What Lowenherz and his colleagues observed on the streets of Bellevue quantifies realities that will be sadly familiar to non-drivers across America. Cyclists, for instance, represented just 0.1 percent of observed road users on the city’s streets, but were ten times more likely to be the victim of a near-miss crash than motorists. That’s in part because the cameras also observed that more than 10 percent of Bellevue drivers were speeding when they passed a camera, and half of those drivers were breaking the local limit by 11 miles per hour or more.
That data helped the DOT understand why their traffic violence crisis was so disproportionately effecting pedestrians and cyclists. From 2010 to 2019, five percent of all collisions in the city of Bellevue involved non-drivers, but vulnerable road users represented a staggering 49 percent of serious injuries and fatalities, according to Lowenherz.
“What we observe of the crash data is confirmed in the conflict data,” he added. “And now that we know, we can look out for persistent conflicts and make strategic changes there.”
Even those who might never set foot in the city of Bellevue in their lives could potentially benefit from the first-of-its-kind study, too. That’s because Transoft’s software also aggregates data across all 80 cities it works with around the world, and uses that information to help make recommendations about road interventions that have actually worked.
“The more data we collect, the more we can partner with engineers to help recommend effective designs — not just for a single city, but for cities around the world,” said Charles Chung, vice president for transportation safety at Transoft. “We’re producing cameras, but we’re also producing a shared knowledge base that we’re able to share with other cities to save lives.”
The more data points are added to that pool, the easier it will be to predict dangerous driver behavior everywhre — and implement meaningful road changes to create “self-enforcing” streets that naturally prevent drivers from killing people, while lessening the need for police intervention for behaviors like speeding. That would support a major goal of the #DefundThePolice movement and make streets more accessible for people of color who face the terrifying possibility of state violence on our roadways every day.

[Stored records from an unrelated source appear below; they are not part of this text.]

Lemma nearest_root_right (F : R -> R) (x a : R) :
  x < a -> F x <> 0 -> F a = 0 -> (forall s, x <= s <= a -> continuity_pt F s) ->
  exists z, x < z <= a /\ F z = 0 /\ forall s, x <= s < z -> F s <> 0.
Proof.
  intros Hxa Fx Fa Hc.
  set (S := fun s => x <= s <= a /\ forall t, x <= t <= s -> F t <> 0).
  assert (Sx : S x) by (split; [lra|]; intros t Ht; replace t with x by lra; exact Fx).
  assert (HS : bound S) by (exists a; intros s [Hs _]; lra).
  destruct (completeness S HS (ex_intro _ x Sx)) as [z [Hub Hlub]].
  assert (Hxz : x <= z) by (apply Hub, Sx).
  assert (Hza : z <= a) by (apply Hlub; intros s [Hs _]; lra).
  assert (Hbelow : forall t, x <= t < z -> F t <> 0).
  { intros t Ht Ft.
    assert (Ht_ub : is_upper_bound S t).
    { intros s [Hs Hnz]. destruct (Rle_dec s t) as [|Hst]; [lra|].
      exfalso. apply (Hnz t); [lra|exact Ft]. }
    specialize (Hlub t Ht_ub). lra. }
  assert (Fz : F z = 0).
  { apply NNPP. intros Fz.
    destruct (continuity_pt_nonzero_near F z (Hc z (conj Hxz Hza)) Fz) as [e [He Hnear]].
    assert (Hza' : z < a) by (destruct Hza as [ | ->]; [lra|contradiction]).
    set (s := Rmin a (z + e / 2)).
    assert (Hs : z < s <= a) by (unfold s; split; [apply Rmin_glb_lt|apply Rmin_l]; lra).
    assert (Ss : S s).
    { split; [lra|]. intros t Ht. destruct (Rlt_dec t z); [apply Hbelow; lra|].
      assert (s <= z + e / 2) by apply Rmin_r.
      apply Hnear, Rabs_def1; lra. }
    specialize (Hub s Ss). lra. }
  exists z. split; [|split; [exact Fz|exact Hbelow]].
  split; [|exact Hza]. destruct Hxz as [ | <-]; [lra|contradiction].
Qed.
(* Let $\mathcal X$ be a Banach space, $E\subset\mathcal X$ convex, $\hat\phi_i:\mathcal X\to\mathbb R$ ($i=0,\dots,j$), $\hat\psi:\mathcal X\to\mathbb R^k$ with $k\ge1$. Let $\bar e\in E$ be a minimizer of (OP) with $\hat\phi_0(\bar e)=0$, and assume (C5). Let $y\in T^\flat_E(\bar e)$ satisfy $D\hat\phi_i(\bar e)(y)\le0$ for $i\in\hat I_A$, $D\hat\psi(\bar e)(y)=0$, and $T_E^{\flat(2)}(\bar e,y)\ne\emptyset$. Set $\hat I_0'=\hat I_N\cup\{i\in\hat I_A:D\hat\phi_i(\bar e)(y)<0\}$, $\hat I_0''=\{0,\dots,j\}\setminus\hat I_0'$, $$\mathcal K=\{D\hat\Phi_{\hat I_0''}(\bar e)(x)+\tfrac12D^2\hat\Phi_{\hat I_0''}(\bar e)(y):x\in T_E^{\flat(2)}(\bar e,y)\}\subset\mathbb R^{1+j+k},$$ $$\mathcal K^{\hat\psi}=\{D\hat\psi(\bar e)(x)+\tfrac12D^2\hat\psi(\bar e)(y):x\in T_E^{\flat(2)}(\bar e,y)\}\subset\mathbb R^k.$$ Then $\mathcal K$ and $\mathcal K^{\hat\psi}$ are convex. Moreover, let $Y=(Y_0,\dots,Y_j)^\top$ with $Y_i=D\hat\phi_i(\bar e)(y)$ for $i\in\hat I_A$ and $Y_i=0$ otherwise, and $Z=(-\infty,0)^{j+1}-\{\lambda(\hat\phi(\bar e)+Y):\lambda>0\}$, where $\hat\phi=(\hat\phi_0,\dots,\hat\phi_j)^\top$. If there is no $\ell\in\mathbb R^{1+j+k}\setminus\{0\}$ with $$\ell^\top\big(D\hat\Phi_{\hat I_0''}(\bar e)(x)+\tfrac12D^2\hat\Phi_{\hat I_0''}(\bar e)(y)\big)\le\ell^\top(z^\top,0)^\top\quad\forall x\in T_E^{\flat(2)}(\bar e,y),\ \forall z\in Z,$$ then the affine hull $\mathrm{aff}\,\mathcal K^{\hat\psi}$ is a linear subspace of $\mathbb R^k$ of dimension $D(\mathcal K^{\hat\psi})>0$, and there exist $h_1,\dots,h_{D(\mathcal K^{\hat\psi})+1}\in T^{\flat(2)}_E(\bar e,y)$ and $\delta_0>0$ such that $$B_{\mathrm{aff}\,\mathcal K^{\hat\psi}}(\delta_0)\subseteq\mathrm{Int}\,\mathrm{co}\{D\hat\psi(\bar e)(h_l)+\tfrac12D^2\hat\psi(\bar e)(y)\}_{l=1}^{D(\mathcal K^{\hat\psi})+1}$$ and $D\hat\phi_i(\bar e)(h_l)+\frac12D^2\hat\phi_i(\bar e)(y)<0$ for all $l=1,\dots,D(\mathcal K^{\hat\psi})+1$ and all $i\in\hat I_0''$. Here $B_{\mathrm{aff}\,\mathcal K^{\hat\psi}}(\delta_0)$ is the closed ball of radius $\delta_0$ centered at $0$ in that subspace, and Int is the interior relative to that subspace.
   Context: (OP): minimize $\hat\phi_0(e)$ over $e\in E$ subject to $\hat\phi_i(e)\le0$ ($i=1,\dots,j$) and $\hat\psi(e)=0$. $\hat\Phi=(\hat\phi_0,\dots,\hat\phi_j,\hat\psi_1,\dots,\hat\psi_k)^\top$; for $I\subseteq\{0,\dots,j\}$, $\hat\Phi_I$ is $\hat\Phi$ with the components $\hat\phi_i$, $i\notin I$, replaced by $0$ (same for $D\hat\Phi_I$, $D^2\hat\Phi_I$). $\hat I_A=\{i\in\{1,\dots,j\}:\hat\phi_i(\bar e)=0\}\cup\{0\}$, $\hat I_N=\{i\in\{1,\dots,j\}:\hat\phi_i(\bar e)<0\}$. (C5): $\hat\Phi$ is Fréchet differentiable at $\bar e$ with derivative $D\hat\Phi(\bar e)$ (components $D\hat\phi_i(\bar e)$, $D\hat\psi_l(\bar e)$), and for each $y\in\mathcal X$ there exists a vector $D^2\hat\Phi(\bar e)(y)\in\mathbb R^{1+j+k}$ (components $D^2\hat\phi_i(\bar e)(y)$, $D^2\hat\psi_l(\bar e)(y)$) such that for all $\alpha>0$, $C>0$ there is $\epsilon_0>0$ with $|\hat\Phi(\bar e+\epsilon y+\epsilon^2\eta)-\hat\Phi(\bar e)-\epsilon D\hat\Phi(\bar e)(y)-\epsilon^2D\hat\Phi(\bar e)(\eta)-\frac12\epsilon^2D^2\hat\Phi(\bar e)(y)|\le\alpha\epsilon^2$ for all $\eta$ with $|\eta|\le C$ and $\epsilon\in[0,\epsilon_0]$. Tangent sets: $v\in T_E^\flat(x)$ iff for every $h_n\to0^+$ there are $v_n\to v$ with $x+h_nv_n\in E$; for $v\in T_E^\flat(x)$, $w\in T_E^{\flat(2)}(x,v)$ iff for every $h_n\to0^+$ there are $w_n\to w$ with $x+h_nv+h_n^2w_n\in E$. *)

From HB Require Import structures.
From mathcomp Require Import all_boot all_order all_algebra.
From mathcomp Require Import all_classical all_reals all_analysis.
Set Implicit Arguments. Unset Strict Implicit. Unset Printing Implicit Defensive.
Import Order.TTheory GRing.Theory Num.Theory.
Import numFieldNormedType.Exports.
Local Open Scope classical_set_scope.
Local Open Scope ring_scope.
Lemma every_point_on_two_edge (S : list pt) (v : pt) : NoDup S -> length S = n ->
  (forall k, two_edge S k \/ two_edge S (k + 1)) -> In v S ->
  exists j, (j < n)%nat /\ two_edge S j /\ on_segment v (V j) (V (j + 1)).
Proof.
  intros HS HL Halt Hv.
  apply NNPP. intros Hno.
  assert (Hoff : forall j x, (j < n)%nat -> two_edge S j ->
                   on_segment x (V j) (V (j + 1)) -> x <> v)
    by (intros j x Hj T Sx ->; apply Hno; exists j; auto).
  assert (Hpq : forall k, exists z : pt * pt, two_edge S k ->
     fst z <> snd z /\ In (fst z) S /\ In (snd z) S /\
     on_segment (fst z) (V k) (V (k + 1)) /\ on_segment (snd z) (V k) (V (k + 1))).
  { intros k. destruct (classic (two_edge S k)) as [[x [y [H1 [H2 [H3 [H4 [H5 _]]]]]]]|T].
    - exists (x, y). intros _. simpl. auto.
    - exists (v, v). intros; contradiction. }
  destruct (choice _ Hpq) as [pq Hpq'].
  assert (Hrep : forall k, exists x, (k < n)%nat -> representative S v pq k x).
  { intros k. destruct (Nat.lt_ge_cases k n) as [Hk|Hk].
    - destruct (representative_exists S Halt v Hoff pq Hpq' k Hk) as [x Hx]. eauto.
    - exists v. intros; lia. }
  destruct (choice _ Hrep) as [f Hf].
  assert (ND : NoDup (v :: map f (seq 0 n))).
  { constructor.
    - intros Hin. apply in_map_iff in Hin as [k [Ek Hk]]. apply in_seq in Hk.
      destruct (Hf k ltac:(lia)) as [_ [Ne _]]. auto.
    - apply NoDup_map_NoDup_ForallPairs; [|apply seq_NoDup].
      intros i j Hi Hj E. apply in_seq in Hi. apply in_seq in Hj.
      apply (representative_injective S v pq Hpq' i j (f i)); try lia.
      + apply Hf; lia.
      + rewrite E. apply Hf; lia. }
  assert (Inc : incl (v :: map f (seq 0 n)) S).
  { intros x [<-|Hx]; auto. apply in_map_iff in Hx as [k [<- Hk]]. apply in_seq in Hk.
    apply Hf; lia. }
  pose proof (NoDup_incl_length ND Inc) as Hlen. simpl in Hlen.
  rewrite length_map, length_seq in Hlen. lia.
Qed.

Lemma far_point_witness (S : list pt) (v : pt) : NoDup S -> length S = n ->
  (forall k, two_edge S k \/ two_edge S (k + 1)) -> In v S ->
  exists p b, In p S /\ In b S /\
    dot (psub p v) (psub b v) < - cos (3 * a) * (norm (psub p v) * norm (psub b v)).
Proof.
  intros HS HL Halt Hv.
  destruct (every_point_on_two_edge S v HS HL Halt Hv)
    as [j [Hj [[x [y [Hxy [Hx [Hy [Sx [Sy Hex]]]]]]] Sv]]].
  assert (Hpartner : exists p, p <> v /\ In p S /\ on_segment p (V j) (V (j + 1)))
    by (destruct (Hex v Hv Sv) as [-> | ->]; eauto).
  destruct Hpartner as [p [Hpv [Hp [s' [Hs' Ep]]]]], Sv as [s [Hs Ev]].
  exists p. destruct (Rtotal_order s' s) as [Hlt|[->|Hgt]].
  - destruct (forward_witness S Halt j s s' v p Ev Ep) as [b [Hb Hwit]]; [lra|auto|].
    exists b; auto.
  - exfalso. apply Hpv. congruence.
  - destruct (backward_witness S Halt j s s' v p Ev Ep) as [b [Hb Hwit]]; [lra|auto|].
    exists b; auto.
Qed.

End RegularPolygon.

Theorem lemma5p10 (n : nat) (S : list pt)
  (HS : NoDup S) (Hn : length S = n) (Hn4 : (4 < n)%nat)
  (Hcenter : forall c r, is_SED S c r -> ~ In c S)
  (Hpre : pre_regular n S) :
  forall u v w, hull_adjacent S u v -> hull_adjacent S v w -> u <> w ->
    PI * (INR n - 3) / INR n < angle u v w.
Proof.
  intros u v w Huv Hvw Huw.
  destruct Hpre as [c [rho [th [Hrho Hpre]]]].
  pose proof (pre_regular_two_edge n Hn4 c rho th S Hpre) as Halt.
  assert (Hv : In v S) by apply Huv.
  destruct (far_point_witness n Hn4 c rho th Hrho S v HS Hn Halt Hv) as [p [b [Hp [Hb Hwit]]]].
  destruct (half_central_angle_bounds n Hn4) as [Ha1 Ha2]. pose proof PI_RGT_0 as Hpi.
  replace (PI * (INR n - 3) / INR n) with (PI - 3 * half_central_angle n)
    by (unfold half_central_angle; field; apply (INR_n_neq0 n Hn4)).
  apply acos_cos_angle_gt with (psub p v) (psub b v).
  - lra.
  - apply psub_neq0. destruct Huv as [_ [_ [H _]]]. auto.
  - apply psub_neq0. destruct Hvw as [_ [_ [H _]]]. auto.
  - apply hull_angle_le with S; auto.
  - rewrite cos_minus, cos_PI, sin_PI. lra.
Qed.
(* (a) Let $M\subset\mathcal P(\Omega_1)$, $N\subset\mathcal P(\Omega_2)$ be submanifolds and $\varphi:M\to N$, $\psi:N\to M$ Markov maps with $\psi\circ\varphi=\mathrm{id}_M$. Let $p\in M$, $q\in N$ with $q=\varphi(p)$ and $p=\psi(q)$. Then $\psi^*_q:T_p^*(M)\to T^*_q(N)$ is an isometry for the Fisher co-metrics: $g_{M,p}(\alpha_p,\beta_p)=g_{N,q}(\psi^*_q\alpha_p,\psi^*_q\beta_p)$ for all $\alpha_p,\beta_p\in T^*_p(M)$. (b) For every Markov co-embedding $\Psi:\mathcal P(\Omega_2)\to\mathcal P(\Omega_1)$, every $q\in\mathcal P(\Omega_2)$ (not only $q$ in the image of a given embedding) and all $\alpha,\beta\in T^*_{\Psi(q)}(\mathcal P(\Omega_1))$: $g_{\Psi(q)}(\alpha,\beta)=g_q(\Psi^*_q\alpha,\Psi_q^*\beta)$.
   Context: For a finite set $\Omega$, $\mathcal P(\Omega)$ is the manifold of strictly positive probability distributions. A Markov map $\mathcal P(\Omega_1)\to\mathcal P(\Omega_2)$ is a map $p\mapsto\sum_xW(\cdot|x)p(x)$ for a surjective channel $W$ (equivalently an affine map between these sets); a Markov map between submanifolds $M\to N$ is the restriction of such a map. A Markov map $\Phi:\mathcal P(\Omega_1)\to\mathcal P(\Omega_2)$ is a Markov embedding if some Markov map $\Psi:\mathcal P(\Omega_2)\to\mathcal P(\Omega_1)$ satisfies $\Psi\circ\Phi=\mathrm{id}$; such $\Psi$ is called a Markov co-embedding. $\psi^*_q$ denotes the transpose of $(d\psi)_q:T_q(N)\to T_p(M)$. The Fisher metric is $g_p(X,Y)=\sum_\omega X^{(m)}(\omega)Y^{(m)}(\omega)/p(\omega)$ (m-representations); $g_M,g_N$ are its restrictions to $M,N$, and the same symbols denote the dual inner products (Fisher co-metrics) on cotangent spaces. On $\mathcal P(\Omega)$ the Fisher co-metric satisfies $g_p((d\langle A\rangle)_p,(d\langle B\rangle)_p)=\mathrm{Cov}_p(A,B)$. *)

From HB Require Import structures.
From mathcomp Require Import all_boot all_order all_algebra.
From mathcomp Require Import all_classical all_reals all_analysis.
Set Implicit Arguments. Unset Strict Implicit. Unset Printing Implicit Defensive.
Import Order.TTheory GRing.Theory Num.Theory.
Import numFieldNormedType.Exports.
Local Open Scope classical_set_scope.
Local Open Scope ring_scope.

“Collectively, as an industry, we don’t just want a data pool — we want a data lake,” said Loewenherz. “We want communities all over the world to be able to say, ‘I’ve got this kind of an intersection with these kinds of road features and these kinds of conflicts keep happening; which communities have something similar? What have they done? What’s worked?’…As a Vision Zero city that wants to end roadway deaths by 2030, we want to be proactive. We want to move beyond crashes as an indicator of where we should intervene. And now we can.”